Ağaç Gibi Yeşer, İyiyi Söyle, Kötüye Dur De!
Bir ağacın kırılan dalı olmak istemeyiz, budanmayı bekleriz. En usta bahçıvanların elinde. Hayat yolculuğumda kırılan, yeşermeyen dal olmaya çalışmadım hiçbir zaman. İyi bahçıvanlara rastladıysam eğer, kaybetmemeye çalıştım, o bereketli insanları. Oysa insanlar, ne kadar kolay insan harcayabiliyorlar. Uyanık olmamız gerekiyor, o insanlara yem olmamak için. Yol bozuk ise, o yoldan vazgeçin. Bozuk olan o yollar, insanı da bozar.
Korumaya çalıştığım için insanlığım, ayırdım kimileri ile yollarımı. Yol çok fakat doğru yol da az. Tokatlana tokatlana buluyoruz doğru kapıyı. İnsanlara değil, zihin süzgecimize güveneceğiz. Öyle yerler gördüm, öyle insanlar. Kötü dedikleri kişilikler; iyi çıktı. İyi dedikleri kişilikler ise kötü. Ön yargılar, işin görünmeyen kısmı. Onların gördüklerine değil, kendi gördüklerinize bakın. Boşa değil, “ görünen köy, kılavuz istemez” lafı. Ama sorunumuz tam olarak burada, arkadaşım! Bir diğerinin gözünü kullanmana gerek yok.

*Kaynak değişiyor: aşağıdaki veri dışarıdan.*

(* For any $\lambda>0$ and $\alpha\in(0,1)$, $$\sum_{k=1}^{\infty}\frac{\lambda^{\alpha k-1}k^{1-\alpha}}{((k-1)!)^{\alpha}}\ge\sum_{k=0}^{\infty}\frac{\lambda^{\alpha k}}{(k!)^{\alpha}},$$ while for any $\lambda>0$ and $\alpha>1$, $$\sum_{k=1}^{\infty}\frac{\lambda^{\alpha k-1}k^{1-\alpha}}{((k-1)!)^{\alpha}}\le\sum_{k=0}^{\infty}\frac{\lambda^{\alpha k}}{(k!)^{\alpha}}.$$ *)

From Stdlib Require Import Reals.
From Coquelicot Require Import Coquelicot.
Open Scope R_scope.

(* Term of the left series, re-indexed: lhs_term n is the k = n+1 term
   lambda^(alpha k - 1) * k^(1-alpha) / ((k-1)!)^alpha. *)
Definition lhs_term (lam alpha : R) (n : nat) : R :=
  Rpower lam (alpha * INR (S n) - 1) * Rpower (INR (S n)) (1 - alpha)
  / Rpower (INR (Factorial.fact n)) alpha.

Definition rhs_term (lam alpha : R) (k : nat) : R :=
  Rpower lam (alpha * INR k) / Rpower (INR (Factorial.fact k)) alpha.

(* Write r_k = lambda^(alpha k) / (k!)^alpha and x_k = k / lambda.  The k-th left
   term is r_k x_k, while r_(k-1) = r_k x_k^alpha.  The tangent line alpha x + 1 - alpha
   of x^alpha at x = 1 lies above the graph for alpha <= 1 and below it for alpha >= 1,
   so r_(k-1) <= alpha (r_k x_k) + (1 - alpha) r_k when alpha < 1, reversed when
   alpha > 1.  All series converge by the ratio test; summing over k >= 1 gives
   R <= alpha L + (1 - alpha) (R - r_0), hence alpha R <= alpha L - (1 - alpha) r_0
   <= alpha L, and symmetrically for alpha > 1. *)

From Stdlib Require Import Reals Lra.
From Coquelicot Require Import Coquelicot.
Open Scope R_scope.

Lemma exp_mul_le_convex (a t : R) : 0 <= a <= 1 ->
  exp (a * t) <= a * exp t + (1 - a).
Proof.
  intros Ha.
  (* Average the tangent bounds of [exp] at [a * t], taken at [t] and [0]. *)
  assert (tangent : forall s, exp (a * t) * (1 + (s - a * t)) <= exp s).
  { intros s. replace (exp s) with (exp (a * t) * exp (s - a * t)).
    - apply Rmult_le_compat_l; [apply Rlt_le, exp_pos | apply exp_ineq1_le].
    - rewrite <- exp_plus. f_equal. ring. }
  pose proof (tangent t) as at_t. pose proof (tangent 0) as at_0.
  rewrite exp_0 in at_0. nra.
Qed.

Lemma Rpower_le_tangent_1 (x a : R) : 0 < x -> 0 <= a <= 1 ->
  Rpower x a <= a * x + (1 - a).
Proof.
  intros Hx Ha. pose proof (exp_mul_le_convex a (ln x) Ha) as H.
  rewrite exp_ln in H by exact Hx. exact H.
Qed.

Lemma Rpower_ge_tangent_1 (x a : R) : 0 < x -> 1 <= a ->
  a * x + (1 - a) <= Rpower x a.
Proof.
  intros Hx Ha.
  assert (Hy : 0 < Rpower x a) by apply exp_pos.
  assert (Hinv : 0 <= / a <= 1).
  { split; [apply Rlt_le, Rinv_0_lt_compat; lra |].
    rewrite <- Rinv_1. apply Rinv_le_contravar; lra. }
  pose proof (Rpower_le_tangent_1 (Rpower x a) (/ a) Hy Hinv) as H.
  rewrite Rpower_mult, Rinv_r, Rpower_1 in H by lra.
  apply (Rmult_le_compat_l a) in H; [| lra].
  replace (a * (/ a * Rpower x a + (1 - / a))) with (Rpower x a + a - 1) in H
    by (field; lra).
  lra.
Qed.

Lemma is_lim_seq_Rpower_p_infty (u : nat -> R) (a : R) : 0 < a ->
  is_lim_seq u p_infty -> is_lim_seq (fun n => Rpower (u n) a) p_infty.
Proof.
  intros Ha Hu. unfold Rpower.
  apply (is_lim_comp_seq exp _ p_infty); [exact is_lim_exp_p | now exists O |].
  assert (Hln : is_lim_seq (fun n => ln (u n)) p_infty).
  { apply (is_lim_comp_seq ln _ p_infty); [exact is_lim_ln_p | now exists O | exact Hu]. }
  apply (is_lim_seq_ext (fun n => ln (u n) * a)); [intros n; apply Rmult_comm |].
  apply (is_lim_seq_mult _ _ p_infty a); [exact Hln | apply is_lim_seq_const |].
  apply is_Rbar_mult_p_infty_pos. exact Ha.
Qed.

Lemma is_lim_seq_INR_S_div (c : R) : 0 < c ->
  is_lim_seq (fun n => INR (S n) / c) p_infty.
Proof.
  intros Hc. apply (is_lim_seq_mult _ _ p_infty (/ c)).
  - apply (is_lim_seq_incr_1 INR), is_lim_seq_INR.
  - apply is_lim_seq_const.
  - apply is_Rbar_mult_p_infty_pos. simpl. apply Rinv_0_lt_compat, Hc.
Qed.

Lemma is_lim_seq_INR_succ_ratio : is_lim_seq (fun n => INR (S (S n)) / INR (S n)) 1.
Proof.
  apply (is_lim_seq_ext (fun n => 1 + / INR (S n))).
  - intros n. pose proof (lt_0_INR (S n) (Nat.lt_0_succ n)).
    rewrite (S_INR (S n)). field. lra.
  - assert (Hinv : is_lim_seq (fun n => / INR (S n)) 0).
    { apply (is_lim_seq_inv _ p_infty); [| discriminate].
      apply (is_lim_seq_incr_1 INR), is_lim_seq_INR. }
    pose proof (is_lim_seq_plus' _ _ 1 0 (is_lim_seq_const 1) Hinv) as H.
    rewrite Rplus_0_r in H. exact H.
Qed.

Lemma ex_series_ratio_lim_0 (u : nat -> R) :
  (forall n, 0 < u n) -> is_lim_seq (fun n => u (S n) / u n) 0 -> ex_series u.
Proof.
  intros Hpos Hlim. apply ex_series_Rabs.
  apply (ex_series_DAlembert u 0); [lra | intros n; apply Rgt_not_eq, Hpos |].
  apply (is_lim_seq_ext (fun n => u (S n) / u n)); [| exact Hlim].
  intros n. symmetry. apply Rabs_pos_eq, Rlt_le, Rdiv_lt_0_compat; apply Hpos.
Qed.

Lemma is_series_le (u v : nat -> R) (U V : R) :
  (forall n, u n <= v n) -> is_series u U -> is_series v V -> U <= V.
Proof.
  intros Huv HU HV. apply (is_lim_seq_le (sum_n u) (sum_n v) U V); [| exact HU | exact HV].
  intros n. rewrite !sum_n_Reals. apply sum_Rle. intros k _. apply Huv.
Qed.

Lemma is_series_affine_shift (u v : nat -> R) (a U V : R) :
  is_series u U -> is_series v V ->
  is_series (fun n => a * u n + (1 - a) * v (S n)) (a * U + (1 - a) * (V - v O)).
Proof.
  intros HU HV.
  assert (HVS : is_series (fun n => v (S n)) (V - v O)).
  { apply is_series_incr_1. unfold plus; simpl.
    replace (V - v O + v O) with V by ring. exact HV. }
  exact (is_series_plus _ _ _ _ (is_series_scal_l a _ _ HU) (is_series_scal_l (1 - a) _ _ HVS)).
Qed.

Lemma rhs_term_pos (lam a : R) (n : nat) : 0 < rhs_term lam a n.
Proof. apply Rdiv_lt_0_compat; apply exp_pos. Qed.

Lemma lhs_term_pos (lam a : R) (n : nat) : 0 < lhs_term lam a n.
Proof. apply Rdiv_lt_0_compat; [apply Rmult_lt_0_compat |]; apply exp_pos. Qed.

Lemma INR_S_div_pos (lam : R) (n : nat) : 0 < lam -> 0 < INR (S n) / lam.
Proof.
  intros Hlam. apply Rdiv_lt_0_compat; [apply lt_0_INR, Nat.lt_0_succ | exact Hlam].
Qed.

Lemma rhs_term_eq_succ (lam a : R) (n : nat) : 0 < lam ->
  rhs_term lam a n = rhs_term lam a (S n) * Rpower (INR (S n) / lam) a.
Proof.
  intros Hlam. pose proof (lt_0_INR (S n) (Nat.lt_0_succ n)).
  pose proof (INR_fact_lt_0 n).
  unfold rhs_term, Rpower.
  rewrite fact_simpl, mult_INR, ln_mult, ln_div by assumption.
  unfold Rdiv. rewrite <- !exp_Ropp, <- !exp_plus. f_equal.
  rewrite S_INR. ring.
Qed.

Lemma lhs_term_eq_rhs_succ (lam a : R) (n : nat) : 0 < lam ->
  lhs_term lam a n = rhs_term lam a (S n) * (INR (S n) / lam).
Proof.
  intros Hlam. pose proof (lt_0_INR (S n) (Nat.lt_0_succ n)).
  pose proof (INR_fact_lt_0 n).
  unfold lhs_term, rhs_term, Rpower.
  rewrite <- (exp_ln (INR (S n) / lam)) by (apply INR_S_div_pos, Hlam).
  rewrite fact_simpl, mult_INR, ln_mult, ln_div by assumption.
  unfold Rdiv. rewrite <- !exp_Ropp, <- !exp_plus. f_equal. ring.
Qed.

Lemma rhs_term_ratio_lim (lam a : R) : 0 < lam -> 0 < a ->
  is_lim_seq (fun n => rhs_term lam a (S n) / rhs_term lam a n) 0.
Proof.
  intros Hlam Ha.
  apply (is_lim_seq_ext (fun n => / Rpower (INR (S n) / lam) a)).
  - intros n. rewrite (rhs_term_eq_succ lam a n Hlam).
    pose proof (rhs_term_pos lam a (S n)). pose proof (exp_pos (a * ln (INR (S n) / lam))).
    unfold Rpower. field. lra.
  - apply (is_lim_seq_inv _ p_infty); [| discriminate].
    apply is_lim_seq_Rpower_p_infty, is_lim_seq_INR_S_div; assumption.
Qed.

Lemma lhs_term_ratio_lim (lam a : R) : 0 < lam -> 0 < a ->
  is_lim_seq (fun n => lhs_term lam a (S n) / lhs_term lam a n) 0.
Proof.
  intros Hlam Ha.
  apply (is_lim_seq_ext (fun n => rhs_term lam a (S (S n)) / rhs_term lam a (S n)
                                   * (INR (S (S n)) / INR (S n)))).
  - intros n. rewrite !(lhs_term_eq_rhs_succ lam a _ Hlam).
    pose proof (rhs_term_pos lam a (S n)). pose proof (lt_0_INR (S n) (Nat.lt_0_succ n)).
    field. lra.
  - replace 0 with (0 * 1) by ring.
    apply is_lim_seq_mult'; [| exact is_lim_seq_INR_succ_ratio].
    apply (is_lim_seq_incr_1 (fun n => rhs_term lam a (S n) / rhs_term lam a n)).
    apply rhs_term_ratio_lim; assumption.
Qed.

Lemma ex_series_rhs_term (lam a : R) : 0 < lam -> 0 < a -> ex_series (rhs_term lam a).
Proof.
  intros Hlam Ha. apply ex_series_ratio_lim_0; [apply rhs_term_pos |].
  apply rhs_term_ratio_lim; assumption.
Qed.

Lemma ex_series_lhs_term (lam a : R) : 0 < lam -> 0 < a -> ex_series (lhs_term lam a).
Proof.
  intros Hlam Ha. apply ex_series_ratio_lim_0; [apply lhs_term_pos |].
  apply lhs_term_ratio_lim; assumption.
Qed.

Definition mix_term (lam a : R) (n : nat) : R :=
  a * lhs_term lam a n + (1 - a) * rhs_term lam a (S n).

Lemma mix_term_eq_rhs_succ (lam a : R) (n : nat) : 0 < lam ->
  mix_term lam a n = rhs_term lam a (S n) * (a * (INR (S n) / lam) + (1 - a)).
Proof.
  intros Hlam. unfold mix_term. rewrite (lhs_term_eq_rhs_succ lam a n Hlam). ring.
Qed.

Lemma rhs_term_le_mix_term (lam a : R) (n : nat) : 0 < lam -> 0 <= a <= 1 ->
  rhs_term lam a n <= mix_term lam a n.
Proof.
  intros Hlam Ha. rewrite (rhs_term_eq_succ lam a n Hlam), (mix_term_eq_rhs_succ lam a n Hlam).
  apply Rmult_le_compat_l; [apply Rlt_le, rhs_term_pos |].
  apply Rpower_le_tangent_1; [apply INR_S_div_pos |]; assumption.
Qed.

Lemma mix_term_le_rhs_term (lam a : R) (n : nat) : 0 < lam -> 1 <= a ->
  mix_term lam a n <= rhs_term lam a n.
Proof.
  intros Hlam Ha. rewrite (rhs_term_eq_succ lam a n Hlam), (mix_term_eq_rhs_succ lam a n Hlam).
  apply Rmult_le_compat_l; [apply Rlt_le, rhs_term_pos |].
  apply Rpower_ge_tangent_1; [apply INR_S_div_pos |]; assumption.
Qed.

Lemma is_series_mix_term (lam a : R) : 0 < lam -> 0 < a ->
  is_series (mix_term lam a)
    (a * Series (lhs_term lam a) + (1 - a) * (Series (rhs_term lam a) - rhs_term lam a O)).
Proof.
  intros Hlam Ha. apply is_series_affine_shift; apply Series_correct;
    [apply ex_series_lhs_term | apply ex_series_rhs_term]; assumption.
Qed.

Theorem lemma2 :
  (forall lam alpha : R, 0 < lam -> 0 < alpha < 1 ->
     exists S1 S2 : R,
       is_series (lhs_term lam alpha) S1 /\ is_series (rhs_term lam alpha) S2 /\
       S1 >= S2) /\
  (forall lam alpha : R, 0 < lam -> 1 < alpha ->
     exists S1 S2 : R,
       is_series (lhs_term lam alpha) S1 /\ is_series (rhs_term lam alpha) S2 /\
       S1 <= S2).
Proof.
  split; intros lam a Hlam Ha;
    pose proof (Series_correct _ (ex_series_lhs_term lam a Hlam ltac:(lra))) as HL;
    pose proof (Series_correct _ (ex_series_rhs_term lam a Hlam ltac:(lra))) as HR;
    pose proof (is_series_mix_term lam a Hlam ltac:(lra)) as HM;
    pose proof (rhs_term_pos lam a O);
    exists (Series (lhs_term lam a)), (Series (rhs_term lam a));
    repeat split; try assumption.
  - pose proof (is_series_le _ _ _ _
      (fun n => rhs_term_le_mix_term lam a n Hlam ltac:(lra)) HR HM).
    nra.
  - pose proof (is_series_le _ _ _ _
      (fun n => mix_term_le_rhs_term lam a n Hlam ltac:(lra)) HM HR).
    nra.
Qed.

Allah göz vermiş, kullanmayacaksak niye var? İyi bakan göz var bir de kötü bakan… Kendi gözüne güven, güven ki gerçek kişilikleri ayırt edesin. Allah o gözün de hakkını sorar ötelerde. O gözle neyi gördün, o elle neler işledin? O ayakla hangi yollara yürüdün?
Sustum ve dinledim sesleri. Duydum ve işittim sözleri. Gördüm ve söyledim kötü emelleri. Hiçbir şey yapamadıysam kalbim ile buuz ettim. Bu noktada Allah’ ın sıfatlarını hatırlamak lazım. O, gören göz…
İşiten söz… SEM’İ ve BASAR…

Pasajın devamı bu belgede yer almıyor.